(* Let ${\bm X},{\bm Y}$ be finite sets with $n=|{\bm X}|$, $m=|{\bm Y}|$, let $m^{\bm X}_\bullet,m^{\bm Y}_\bullet$ be Markov transition kernels on them, $C\in\mathbb{R}_+^{n\times m}$ a cost matrix, $\delta\in(0,1]$ and $\epsilon\ge0$. Define $C^{\epsilon,\delta,(0)}=C$ and $C^{\epsilon,\delta,(l)}_{ij}=\delta C_{ij}+(1-\delta)d^\epsilon_{\mathrm W}(m^{\bm X}_i,m^{\bm Y}_j;C^{\epsilon,\delta,(l-1)})$ for $l\ge1$. Then $C^{\epsilon,\delta,(k)}$ converges as $k\to\infty$ to the unique fixed point $C^{\epsilon,\delta,(\infty)}$ of the map $D\mapsto\big(\delta C_{ij}+(1-\delta)d^\epsilon_{\mathrm W}(m^{\bm X}_i,m^{\bm Y}_j;D)\big)_{i,j}$, and for all $k$, $$\|C^{\epsilon,\delta,(k)}-C^{\epsilon,\delta,(\infty)}\|_\infty\le\frac{(1-\delta)^k}{\delta}\big(2\|C\|_\infty+\epsilon\log(nm)\big).$$
   Context: For $\alpha\in\mathcal{P}({\bm X}),\beta\in\mathcal{P}({\bm Y})$, cost $D$ and $\epsilon\ge0$, $d^{\epsilon}_{\mathrm W}(\alpha,\beta;D)=\min_{P\in\mathcal{C}(\alpha,\beta)}\sum_{i,j}P_{ij}D_{ij}+\epsilon\sum_{i,j}P_{ij}\log P_{ij}$, with $\mathcal{C}(\alpha,\beta)$ the set of couplings. $\|\cdot\|_\infty$ is the entrywise max norm. *)

From HB Require Import structures.
From mathcomp Require Import all_boot all_order all_algebra.
From mathcomp Require Import all_classical all_reals all_analysis.
Set Implicit Arguments. Unset Strict Implicit. Unset Printing Implicit Defensive.
Import Order.TTheory GRing.Theory Num.Theory.
Local Open Scope classical_set_scope.
Local Open Scope ring_scope.

Section Defs.
Variable R : realType.

Definition xlogx (x : R) : R := if x == 0 then 0 else x * ln x.

Definition is_prob (n : nat) (a : 'I_n -> R) : Prop :=
  (forall i, 0 <= a i) /\ \sum_i a i = 1.

Definition markov_kernel (n : nat) (M : 'M[R]_n) : Prop :=
  forall i, is_prob (fun k => M i k).

Definition coupling (n m : nat) (a : 'I_n -> R) (b : 'I_m -> R)
  (P : 'M[R]_(n, m)) : Prop :=
  [/\ forall i j, 0 <= P i j,
      forall i, \sum_j P i j = a i &
      forall j, \sum_i P i j = b j].

Definition dW (n m : nat) (eps : R) (a : 'I_n -> R) (b : 'I_m -> R)
  (D : 'M[R]_(n, m)) : R :=
  inf [set (\sum_i \sum_j (P i j * D i j + eps * xlogx (P i j)))
       | P in [set P | coupling a b P]].

Definition wl_map (n m : nat) (mX : 'M[R]_n) (mY : 'M[R]_m)
  (C : 'M[R]_(n, m)) (delta eps : R) (D : 'M[R]_(n, m)) : 'M[R]_(n, m) :=
  \matrix_(i, j) (delta * C i j + (1 - delta) *
     dW eps (fun k => mX i k) (fun l => mY j l) D).

Definition wl_iter (n m : nat) (mX : 'M[R]_n) (mY : 'M[R]_m)
  (C : 'M[R]_(n, m)) (delta eps : R) (k : nat) : 'M[R]_(n, m) :=
  iter k (wl_map mX mY C delta eps) C.

Definition maxnorm (n m : nat) (A : 'M[R]_(n, m)) : R :=
  \big[Num.max/0]_(i < n) \big[Num.max/0]_(j < m) `|A i j|.

End Defs.

From HB Require Import structures.
From mathcomp Require Import all_boot all_order all_algebra.
From mathcomp Require Import all_classical all_reals all_analysis.
From mathcomp Require Import ring lra.
Import Order.TTheory GRing.Theory Num.Theory numFieldNormedType.Exports.
Local Open Scope classical_set_scope.
Local Open Scope ring_scope.
Set Implicit Arguments. Unset Strict Implicit. Unset Printing Implicit Defensive.

(** The map [D |-> (delta C_ij + (1 - delta) d_W^eps(mX_i, mY_j; D))_ij] is a
    [(1 - delta)]-contraction for the max norm: [d_W^eps(a, b; .)] is an infimum
    over couplings [P] of the maps [D |-> \sum P D + eps \sum P log P], each
    1-Lipschitz because [P] has total mass one.  Banach's fixed point theorem
    gives the fixed point, the convergence and the a priori estimate
    [|C^(k) - C^(oo)| <= (1 - delta)^k / delta * |C^(1) - C|].  Finally
    [\sum P log P] lies in [[-log (n m), 0]] for a coupling [P], and the product
    coupling is admissible, so [-|D| - eps log (n m) <= d_W^eps(a, b; D) <= |D|],
    whence [|C^(1) - C| <= 2 |C| + eps log (n m)]. *)

(* The library provides the complete and the normed-module structures on
   matrices but not their join, which Banach's theorem needs. *)
HB.instance Definition _ (R : realType) (n m : nat) := Complete.on 'M[R]_(n, m).

Section ContractionRate.
Context {R : realType} {X : completeNormedModType R}.
Variables (f : X -> X) (q : {nonneg R}).
Hypothesis ctrf : contraction q (totalfun f).
Variable x0 : X.

Lemma contraction_iter_lim_dist k :
  `|iter k f x0 - limn (fun k => iter k f x0)|
    <= `|f x0 - x0| / (1 - q%:num) * q%:num ^+ k.
Proof.
have := contraction_cvg ctrf (I : setT x0); rewrite -(cvg_shiftn k) => cvg_tail.
apply: (closed_cvg _ (@closed_closed_ball_ _ _ (iter k f x0) _) _ _ cvg_tail).
by apply: nearW => p /=; rewrite addnC; exact: (contraction_dist ctrf).
Qed.

Lemma contraction_lim_fixed :
  f (limn (fun k => iter k f x0)) = limn (fun k => iter k f x0).
Proof. exact/esym/(contraction_cvg_fixed ctrf _ closedT). Qed.

End ContractionRate.

Section MatrixNorm.
Variables (R : realType) (n m : nat).
Implicit Types A : 'M[R]_(n, m).

Lemma ler_mx_entry_norm A i j : `|A i j| <= `|A|.
Proof.
rewrite [`|A|]mx_normrE.
exact: (le_bigmax _ (fun ij : 'I_n * 'I_m => `|A ij.1 ij.2|) (i, j)).
Qed.

Lemma mx_norm_le A b : 0 <= b -> (forall i j, `|A i j| <= b) -> `|A| <= b.
Proof.
by move=> b_ge0 Ab; rewrite [`|A|]mx_normrE; apply: bigmax_le => // -[i j] _.
Qed.

Lemma maxnormE A : maxnorm A = `|A|.
Proof.
apply/le_anti/andP; split.
  by apply: bigmax_le => // i _; apply: bigmax_le => // j _; exact: ler_mx_entry_norm.
apply: mx_norm_le => [|i j]; first exact: bigmax_ge_id.
apply: le_trans (le_bigmax _ _ i).
exact: (le_bigmax _ (fun j => `|A i j|) j).
Qed.

End MatrixNorm.

Section Entropy.
Variable R : realType.

(* The tangent of [xlogx] at [N^-1]. *)
Lemma xlogx_ge_tangent (N p : R) : 0 < N -> 0 <= p ->
  p - N^-1 - p * ln N <= xlogx p.
Proof.
move=> N_gt0 p_ge0; rewrite /xlogx; have [->|p_neq0] := eqVneq p 0.
  by rewrite mul0r subr0 sub0r oppr_le0 invr_ge0 ltW.
have p_gt0 : 0 < p by rewrite lt_neqAle eq_sym p_neq0.
have Np_gt0 : 0 < N * p by rewrite mulr_gt0.
have := expR_ge1Dx (- ln (N * p)).
rewrite expRN lnK ?posrE // lnM ?posrE // => exp_ge.
have : p * (1 - (N * p)^-1) <= p * (ln N + ln p).
  by apply: ler_wpM2l; [exact: ltW | move: exp_ge; rewrite opprD; lra].
rewrite invfM mulrBr mulr1 mulrDr mulrCA mulfV ?gt_eqF // mulr1.
lra.
Qed.

Lemma xlogx_le0 (p : R) : 0 <= p -> p <= 1 -> xlogx p <= 0.
Proof.
by move=> p_ge0 p_le1; rewrite /xlogx; case: eqP => // _; rewrite mulr_ge0_le0 // ln_le0.
Qed.

Lemma ln_natr_ge0 (k : nat) : 0 <= ln (k%:R : R).
Proof. by case: k => [|k]; [rewrite ln0 | apply: ln_ge0; rewrite ler1n]. Qed.

Lemma sum_xlogx_ge (T : finType) (P : T -> R) :
  (forall t, 0 <= P t) -> \sum_t P t = 1 -> - ln #|T|%:R <= \sum_t xlogx (P t).
Proof.
move=> P_ge0 P_sum1; set N : R := #|T|%:R.
have N_gt0 : 0 < N.
  rewrite ltr0n lt0n; apply/eqP => /card0_eq T0; move: P_sum1.
  rewrite big_pred0 => [/eqP|t]; first by rewrite eq_sym oner_eq0.
  by move: (T0 t); rewrite !inE.
apply: le_trans (ler_sum _ (fun t _ => xlogx_ge_tangent N_gt0 (P_ge0 t))).
rewrite !sumrB -mulr_suml P_sum1 sumr_const -mulr_natr mulVf ?gt_eqF //.
lra.
Qed.

End Entropy.

Definition ot_cost (R : realType) n m (eps : R) (D P : 'M[R]_(n, m)) : R :=
  \sum_i \sum_j (P i j * D i j + eps * xlogx (P i j)).

Definition product_coupling (R : realType) n m (a : 'I_n -> R) (b : 'I_m -> R) :
  'M[R]_(n, m) := \matrix_(i, j) (a i * b j).

Lemma prob_le1 (R : realType) n (a : 'I_n -> R) i : is_prob a -> a i <= 1.
Proof. by case=> a_ge0 <-; rewrite (bigD1 i) //= lerDl sumr_ge0. Qed.

Section EntropicTransport.
Variables (R : realType) (n m : nat) (a : 'I_n -> R) (b : 'I_m -> R) (eps : R).
Hypotheses (pa : is_prob a) (pb : is_prob b) (eps_ge0 : 0 <= eps).
Implicit Types D P : 'M[R]_(n, m).

Lemma coupling_mass P : coupling a b P -> \sum_i \sum_j P i j = 1.
Proof. by case: pa => _ <- [_ P_row _]; apply: eq_bigr => i _; exact: P_row. Qed.

Lemma coupling_entropy_ge P : coupling a b P ->
  - ln (n * m)%:R <= \sum_i \sum_j xlogx (P i j).
Proof.
move=> cP; have [P_ge0 _ _] := cP.
have -> : (n * m)%N = #|{: 'I_n * 'I_m}| by rewrite card_prod !card_ord.
rewrite pair_bigA; apply: sum_xlogx_ge => [[i j]|]; first exact: P_ge0.
by rewrite -(pair_bigA _ (fun i j => P i j)) coupling_mass.
Qed.

Lemma ot_costE D P : ot_cost eps D P =
  \sum_i \sum_j P i j * D i j + eps * \sum_i \sum_j xlogx (P i j).
Proof.
rewrite /ot_cost mulr_sumr -big_split; apply: eq_bigr => i _.
by rewrite mulr_sumr -big_split.
Qed.

Lemma ot_cost_ge L D P : coupling a b P -> (forall i j, L <= D i j) ->
  L - eps * ln (n * m)%:R <= ot_cost eps D P.
Proof.
move=> cP L_le; have [P_ge0 _ _] := cP; rewrite ot_costE.
apply: lerD; last by rewrite -mulrN ler_wpM2l // coupling_entropy_ge.
rewrite -[L]mul1r -(coupling_mass cP) mulr_suml; apply: ler_sum => i _.
by rewrite mulr_suml; apply: ler_sum => j _; rewrite ler_wpM2l ?P_ge0.
Qed.

Lemma ot_cost_shift_le e D D' P : coupling a b P ->
  (forall i j, D i j <= D' i j + e) -> ot_cost eps D P <= ot_cost eps D' P + e.
Proof.
move=> cP D_le; have [P_ge0 _ _] := cP; rewrite !ot_costE.
suff : \sum_i \sum_j P i j * D i j <= \sum_i \sum_j P i j * D' i j + e by lra.
rewrite -[e in leRHS]mul1r -(coupling_mass cP) mulr_suml -big_split.
apply: ler_sum => i _; rewrite mulr_suml -big_split; apply: ler_sum => j _.
by rewrite /= -mulrDr ler_wpM2l ?P_ge0.
Qed.

Lemma product_couplingP : coupling a b (product_coupling a b).
Proof.
case: pa pb => [a_ge0 a_sum1] [b_ge0 b_sum1]; split.
- by move=> i j; rewrite mxE mulr_ge0.
- by move=> i; under eq_bigr do rewrite mxE; rewrite -mulr_sumr b_sum1 mulr1.
- by move=> j; under eq_bigr do rewrite mxE; rewrite -mulr_suml a_sum1 mul1r.
Qed.

Lemma ot_cost_product_le D : ot_cost eps D (product_coupling a b) <= `|D|.
Proof.
have [P_ge0 _ _] := product_couplingP.
apply: (@le_trans _ _ (\sum_i \sum_j product_coupling a b i j * `|D|)).
  apply: ler_sum => i _; apply: ler_sum => j _.
  have P_le1 : product_coupling a b i j <= 1.
    by rewrite mxE mulr_ile1 ?prob_le1 //; [case: pa | case: pb].
  have : eps * xlogx (product_coupling a b i j) <= 0.
    by rewrite mulr_ge0_le0 // xlogx_le0 ?P_ge0.
  have : product_coupling a b i j * D i j <= product_coupling a b i j * `|D|.
    by rewrite ler_wpM2l ?P_ge0 // (le_trans (ler_norm _) (ler_mx_entry_norm _ _ _)).
  lra.
under eq_bigr do rewrite -mulr_suml.
by rewrite -mulr_suml (coupling_mass product_couplingP) mul1r.
Qed.

Let costs D := [set ot_cost eps D P | P in [set P | coupling a b P]].

Let costs_neq0 D : costs D !=set0.
Proof.
exists (ot_cost eps D (product_coupling a b)), (product_coupling a b) => //.
exact: product_couplingP.
Qed.

Let costs_lbound D : has_lbound (costs D).
Proof.
exists (- `|D| - eps * ln (n * m)%:R) => _ [P cP <-]; apply: ot_cost_ge cP _ => i j.
by apply: lerNnormlW; exact: ler_mx_entry_norm.
Qed.

Lemma dW_le_cost D P : coupling a b P -> dW eps a b D <= ot_cost eps D P.
Proof. by move=> cP; apply: (ge_inf (costs_lbound D)); exists P. Qed.

Lemma dW_ge L D : (forall i j, L <= D i j) ->
  L - eps * ln (n * m)%:R <= dW eps a b D.
Proof.
by move=> L_le; apply: lb_le_inf (costs_neq0 D) _ => _ [P cP <-]; exact: ot_cost_ge.
Qed.

Lemma dW_le_norm D : dW eps a b D <= `|D|.
Proof. exact: le_trans (dW_le_cost D product_couplingP) (ot_cost_product_le D). Qed.

Lemma dW_shift_le e D D' : (forall i j, D i j <= D' i j + e) ->
  dW eps a b D <= dW eps a b D' + e.
Proof.
move=> D_le; rewrite -lerBlDr; apply: lb_le_inf (costs_neq0 D') _ => _ [P cP <-].
by rewrite lerBlDr (le_trans (dW_le_cost D cP) (ot_cost_shift_le cP D_le)).
Qed.

Lemma dW_lipschitz D D' : `|dW eps a b D - dW eps a b D'| <= `|D - D'|.
Proof.
have entry_le i j : `|D i j - D' i j| <= `|D - D'|.
  by have := ler_mx_entry_norm (D - D') i j; rewrite !mxE.
have le_DD' : dW eps a b D <= dW eps a b D' + `|D - D'|.
  by apply: dW_shift_le => i j; move: (entry_le i j); rewrite ler_norml => /andP[]; lra.
have le_D'D : dW eps a b D' <= dW eps a b D + `|D - D'|.
  by apply: dW_shift_le => i j; move: (entry_le i j); rewrite ler_norml => /andP[]; lra.
by rewrite ler_norml; apply/andP; split; lra.
Qed.

Lemma dW_sub_entry_le D i j :
  `|dW eps a b D - D i j| <= 2 * `|D| + eps * ln (n * m)%:R.
Proof.
have lo : - `|D| - eps * ln (n * m)%:R <= dW eps a b D.
  by apply: dW_ge => k l; apply: lerNnormlW; exact: ler_mx_entry_norm.
have hi := dW_le_norm D.
have /andP[Dij_lo Dij_hi] : - `|D| <= D i j <= `|D|.
  by rewrite -ler_norml ler_mx_entry_norm.
have ent_ge0 : 0 <= eps * ln (n * m)%:R by rewrite mulr_ge0 // ln_natr_ge0.
rewrite ler_norml; apply/andP; split; lra.
Qed.

End EntropicTransport.

Section WLMap.
Variables (R : realType) (n m : nat) (mX : 'M[R]_n) (mY : 'M[R]_m).
Variables (C : 'M[R]_(n, m)) (delta eps : R).
Hypotheses (pX : markov_kernel mX) (pY : markov_kernel mY).
Hypotheses (delta_ge0 : 0 <= delta) (delta_le1 : delta <= 1) (eps_ge0 : 0 <= eps).
Local Notation F := (wl_map mX mY C delta eps).

Lemma wl_map_lipschitz D D' : `|F D - F D'| <= (1 - delta) * `|D - D'|.
Proof.
apply: mx_norm_le => [|i j]; first by rewrite mulr_ge0 ?subr_ge0.
rewrite !mxE opprD addrACA subrr add0r -mulrBr normrM ger0_norm ?subr_ge0 //.
by rewrite ler_wpM2l ?subr_ge0 // dW_lipschitz.
Qed.

Lemma wl_map_sub_le : `|F C - C| <= 2 * `|C| + eps * ln (n * m)%:R.
Proof.
apply: mx_norm_le => [|i j]; first by rewrite addr_ge0 ?mulr_ge0 ?ln_natr_ge0.
rewrite !mxE.
set w := dW _ _ _ _.
have -> : delta * C i j + (1 - delta) * w - C i j = (1 - delta) * (w - C i j) by ring.
rewrite normrM ger0_norm ?subr_ge0 //.
apply: le_trans (dW_sub_entry_le (pX i) (pY j) eps_ge0 C i j).
by rewrite ler_piMl // lerBlDr lerDl.
Qed.

End WLMap.

Theorem proposition37 (R : realType) (n m : nat)
  (mX : 'M[R]_n) (mY : 'M[R]_m) (C : 'M[R]_(n, m)) (delta eps : R) :
  markov_kernel mX -> markov_kernel mY ->
  (forall i j, 0 <= C i j) ->
  0 < delta -> delta <= 1 -> 0 <= eps ->
  exists Cinf : 'M[R]_(n, m),
    [/\ wl_map mX mY C delta eps Cinf = Cinf,
        (forall D, wl_map mX mY C delta eps D = D -> D = Cinf),
        (forall i j, wl_iter mX mY C delta eps k i j @[k --> \oo] --> Cinf i j) &
        (forall k : nat,
           maxnorm (wl_iter mX mY C delta eps k - Cinf)
           <= (1 - delta) ^+ k / delta * (2 * maxnorm C + eps * ln ((n * m)%:R)))].
Proof.
move=> pX pY _ delta_gt0 delta_le1 eps_ge0.
set F := wl_map mX mY C delta eps.
have q_ge0 : 0 <= 1 - delta by rewrite subr_ge0.
have ctrF : contraction (NngNum q_ge0) (totalfun F).
  split=> [/=|[D D'] _]; first by rewrite ltrBlDr ltrDl.
  exact: (wl_map_lipschitz C pX pY delta_le1 eps_ge0).
exists (limn (fun k => iter k F C)); split.
- exact: contraction_lim_fixed ctrF C.
- move=> D FD; apply: (contraction_fixpoint_unique (f := totalfun F)) => //.
    by exists (NngNum q_ge0).
  exact/esym/(contraction_lim_fixed ctrF C).
- move=> i j.
  exact: (cvg_comp _ _ (contraction_cvg ctrF (I : setT C))
                    (@coord_continuous _ _ _ i j _)).
- move=> k; rewrite !maxnormE.
  apply: le_trans (contraction_iter_lim_dist ctrF C k) _.
  rewrite /= subKr mulrAC [leRHS]mulrC mulrA.
  rewrite ler_wpM2r ?invr_ge0 ?(ltW delta_gt0) // ler_wpM2r ?exprn_ge0 //.
  exact: (wl_map_sub_le C pX pY (ltW delta_gt0) delta_le1 eps_ge0).
Qed.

---+---

### [ABOUT THIS EXERCISE]
Select every line in the material above where the string "TTheory" occurs, and copy it.

### [SOLUTION TO THIS PROBLEM]
Import Order.TTheory GRing.Theory Num.Theory.
Import Order.TTheory GRing.Theory Num.Theory numFieldNormedType.Exports.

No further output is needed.